I set same random seed value (=0). But the loss graphs are slightly different.

I used same code to test and use cuda version for pytorch as 11.x (1.7.1-cuda11.0, 1.8.0&1.9.0-cuda11.1, 1.11.0-cuda11.3)

Base docker image for testing is cuda11.3-ubuntu 18.04.

I tried to find some differences between 1.7.1 and 1.11.0 but I could not find any significant differences between them…

Is there any possible solution or any advise to solve this problem?

Samuel_Bachorik · April 7, 2022, 11:38am

Hi, I am not sure what your network architecture is but in my opinion, maybe if you are not using any weight initialization for your layers then from version to version there may be other basic weights in layers. Also some other functions can be improved.

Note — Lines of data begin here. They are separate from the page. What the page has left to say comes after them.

Lemma continuous_on_0T_iff T (f : R -> V) : continuous_on_0T T f <-> cont_on 0 T f.
Proof.
  split; intros H t Ht.
  - intros eps Heps.
    assert (Hnf := @norm_factor_gt_0 _ V).
    assert (He : 0 < eps / (@norm_factor _ V))
      by (apply Rdiv_lt_0_compat; [exact Heps | exact Hnf]).
    destruct (proj1 (filterlim_locally _ _) (H t Ht) (mkposreal _ He)) as [d Hd].
    exists d. split; [apply cond_pos|]. intros s Hs1 Hs2.
    assert (B := @norm_compat2 R_AbsRing V _ _ _ (Hd s Hs2 Hs1)). simpl in B.
    replace (norm_factor * (eps / norm_factor)) with eps in B by (field; lra). exact B.
  - apply filterlim_locally. intros eps.
    destruct (H t Ht eps (cond_pos eps)) as [d [Hd Hs]].
    exists (mkposreal d Hd). intros s Hs' Hs''.
    apply (@norm_compat1 R_AbsRing V). apply Hs; assumption.
Qed.

Lemma ex_RInt_cont_on a b (f : R -> V) :
  a <= b -> cont_on a b f -> ex_RInt f a b.
Proof.
  intros Hab H.
  apply ex_RInt_ext with (f := fun s => f (clamp a b s)).
  { intros x Hx. rewrite Rmin_left in Hx by lra. rewrite Rmax_right in Hx by lra.
    rewrite clamp_id; [reflexivity | lra]. }
  apply ex_RInt_continuous. intros z _. exact (cont_on_continuous_clamp a b f Hab H z).
Qed.

End IntervalContinuity.

Section LinearMaps.
Context {U V : NormedModule R_AbsRing} (L : U -> V) (HL : is_linear L).

Lemma Riemann_sum_linear (f : R -> U) ptd :
  L (Riemann_sum f ptd) = Riemann_sum (fun s => L (f s)) ptd.
Proof.
  unfold Riemann_sum. generalize (SF_t ptd).
  match goal with |- context [seq.pairmap _ ?p _] => generalize p end.
  intros x0 l. revert x0. induction l as [|y l IH]; intros x0; simpl.
  - exact (linear_zero L HL).
  - rewrite (linear_plus L HL), IH, (linear_scal L HL). reflexivity.
Qed.

Lemma is_RInt_linear (f : R -> U) a b I :
  is_RInt f a b I -> is_RInt (fun s => L (f s)) a b (L I).
Proof.
  intros HI. unfold is_RInt in *.
  eapply filterlim_ext; [|eapply filterlim_comp; [exact HI | apply (linear_cont L I HL)]].
  intros ptd. simpl. rewrite (linear_scal L HL). f_equal. apply Riemann_sum_linear.
Qed.

End LinearMaps.

Section GeometricSequences.
Context {V : CompleteNormedModule R_AbsRing} (u : nat -> V) (c q : R)
  (Hq : 0 <= q < 1) (Hc : 0 <= c)
  (Hstep : forall n, norm (minus (u (S n)) (u n)) <= c * q ^ n).

Definition limseq (v : nat -> V) : V := lim (filtermap v eventually).

Lemma geometric_tail N m : norm (minus (u (N + m)%nat) (u N)) <= c * q ^ N / (1 - q).
Proof.
  assert (Htel : norm (minus (u (N + m)%nat) (u N)) <= c * q ^ N * (1 - q ^ m) / (1 - q)).
  { induction m as [|m IH].
    - rewrite Nat.add_0_r, (norm_minus_self (u N)). simpl. apply Req_le. field. lra.
    - eapply Rle_trans; [apply (norm_minus_triangle _ (u (N + m)%nat))|].
      replace (N + S m)%nat with (S (N + m)) by lia.
      eapply Rle_trans; [apply Rplus_le_compat; [apply Hstep | apply IH]|].
      rewrite pow_add. apply Req_le. simpl. field. lra. }
  eapply Rle_trans; [exact Htel|].
  assert (0 <= q ^ N) by (apply pow_le; lra). assert (0 <= q ^ m) by (apply pow_le; lra).
  unfold Rdiv. apply Rmult_le_compat_r; [apply Rlt_le, Rinv_0_lt_compat; lra|].
  assert (0 <= c * q ^ N) by (apply Rmult_le_pos; lra). nra.
Qed.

mf-giwoong-lee · April 7, 2022, 11:51pm

I used xavier_uniform, xavier_normal in custom attention layer and reset_parameter function in pre-defined pytorch layers e.g: nn.Linear, nn.LayerNorm, nn.Dropout.

Your answer is related to reset_parameter function in torch layers.

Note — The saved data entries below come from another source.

Lemma decJ_chanJ prio : decJ prio Ph Ph = decJ prio Ph P.
Proof.
apply: pushJ_chanJ => a b /(sortedL_chanJ_invariant prio).
by rewrite /Defs.decode => ->.
Qed.

Lemma accuracy_chanJ prio : accuracy prio Ph Ph = accuracy prio Ph P.
Proof.
rewrite /accuracy decJ_chanJ; congr (_ - _).
by apply: eq_bigr => s _; exact: margS_chanJ.
Qed.

End ChannelCode.

End IdempotentChannel.

Theorem theorem6 (R : realType) (St Rsp B : finType)
  (P : St -> Rsp -> R) (Q : Rsp -> Rsp -> R) (g : Rsp -> B) (prio : St -> nat)
  (HP0 : forall s r, 0 <= P s r)
  (HP1 : \sum_(s : St) \sum_(r : Rsp) P s r = 1)
  (HPs : forall s, 0 < margS P s)
  (HQ0 : forall r rh, 0 <= Q r rh)
  (HQ1 : forall r, \sum_(rh : Rsp) Q r rh = 1)
  (HQidem : forall r r2, \sum_(r1 : Rsp) Q r r1 * Q r1 r2 = Q r r2)
  (HQdiag : forall r, 0 < Q r r)
  (Hg : MI (pushJ (chanJ P Q) g) = MI (chanJ P Q)) :
  let Ph := chanJ P Q in
  let Pb := pushJ Ph g in
  (MI P - MI Ph = MI P - MI Pb)
  /\ (MI P - MI Pb = DeltaID P Ph)
  /\ ((forall theta : R, DeltaID P Ph <= DLobj P Ph theta)
      /\ (exists theta : R, DLobj P Ph theta = DeltaID P Ph))
  /\ (MI P - MI (listJ prio Ph Ph) = MI P - MI (listJ prio Ph P))
  /\ (MI P - MI (decJ prio Ph Ph) = MI P - MI (decJ prio Ph P))
  /\ (accuracy prio P P - accuracy prio Ph Ph = accuracy prio P P - accuracy prio Ph P).
Proof.
move=> Ph Pb; rewrite /Pb /Ph Hg.
split; first by [].
split; first exact: MI_sub_MI_chanJ.
split; first by split=> [theta|]; [exact: DeltaID_le_DLobj | exists 1; exact: DLobj_chanJ1].
split; first by rewrite listJ_chanJ.
split; first by rewrite decJ_chanJ.
by rewrite accuracy_chanJ.
Qed.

Thanks to reply my question. I try it!

Also if some guys have a solution or advise, then please reply your answer!

mxahan · April 8, 2022, 3:59am

I was just wondering if you have tried the seed control as discussed here.

mf-giwoong-lee · April 8, 2022, 4:59am

I just used torch.manual_seed, random.seed, np.random.seed, torch.backends.cudnn.deterministic = True, torch.backends.cudnn.benchmark = False.

Your link describes additional methods for reproducibility.

Thanks! I will try it!

mf-giwoong-lee · April 11, 2022, 3:56am

I have not gotten a meaningful solution…

I guess that cuda versions of each pytorch version are different so the models are trained in slightly different manner.

I want more advise or possible solutions nowadays…

InnovArul · April 11, 2022, 4:03am

Completely reproducible results are not guaranteed across PyTorch releases, individual commits, or different platforms. Furthermore, results may not be reproducible between CPU and GPU executions, even when using identical seeds.

There are numerous factors affecting reproducibility.
What about the quantitative results in terms of accuracy?
You haven’t talked about it. Can you pl. share if they are more or less equal?

mf-giwoong-lee · April 11, 2022, 4:26am

Your saying is that if I train models in same machine environment (like same CPU and GPU), then completely reproducible results are not guaranteed across PyTorch releases?

This is validation result (validation RMSE)

mf-giwoong-lee · April 11, 2022, 4:27am

This is validation loss.

InnovArul · April 11, 2022, 4:39am

There are two points:

Reproducibility between different PyTorch releases, individual commits, or different platforms is not guaranteed regardless of the same CPU/GPU usage.
If you run the same code in CPU mode vs. GPU mode, still the reproducibility is not guaranteed.

You can verify if the quantitative results are close enough (RMSE, Accuracy, mAP, F1 score etc.,) in all the versions.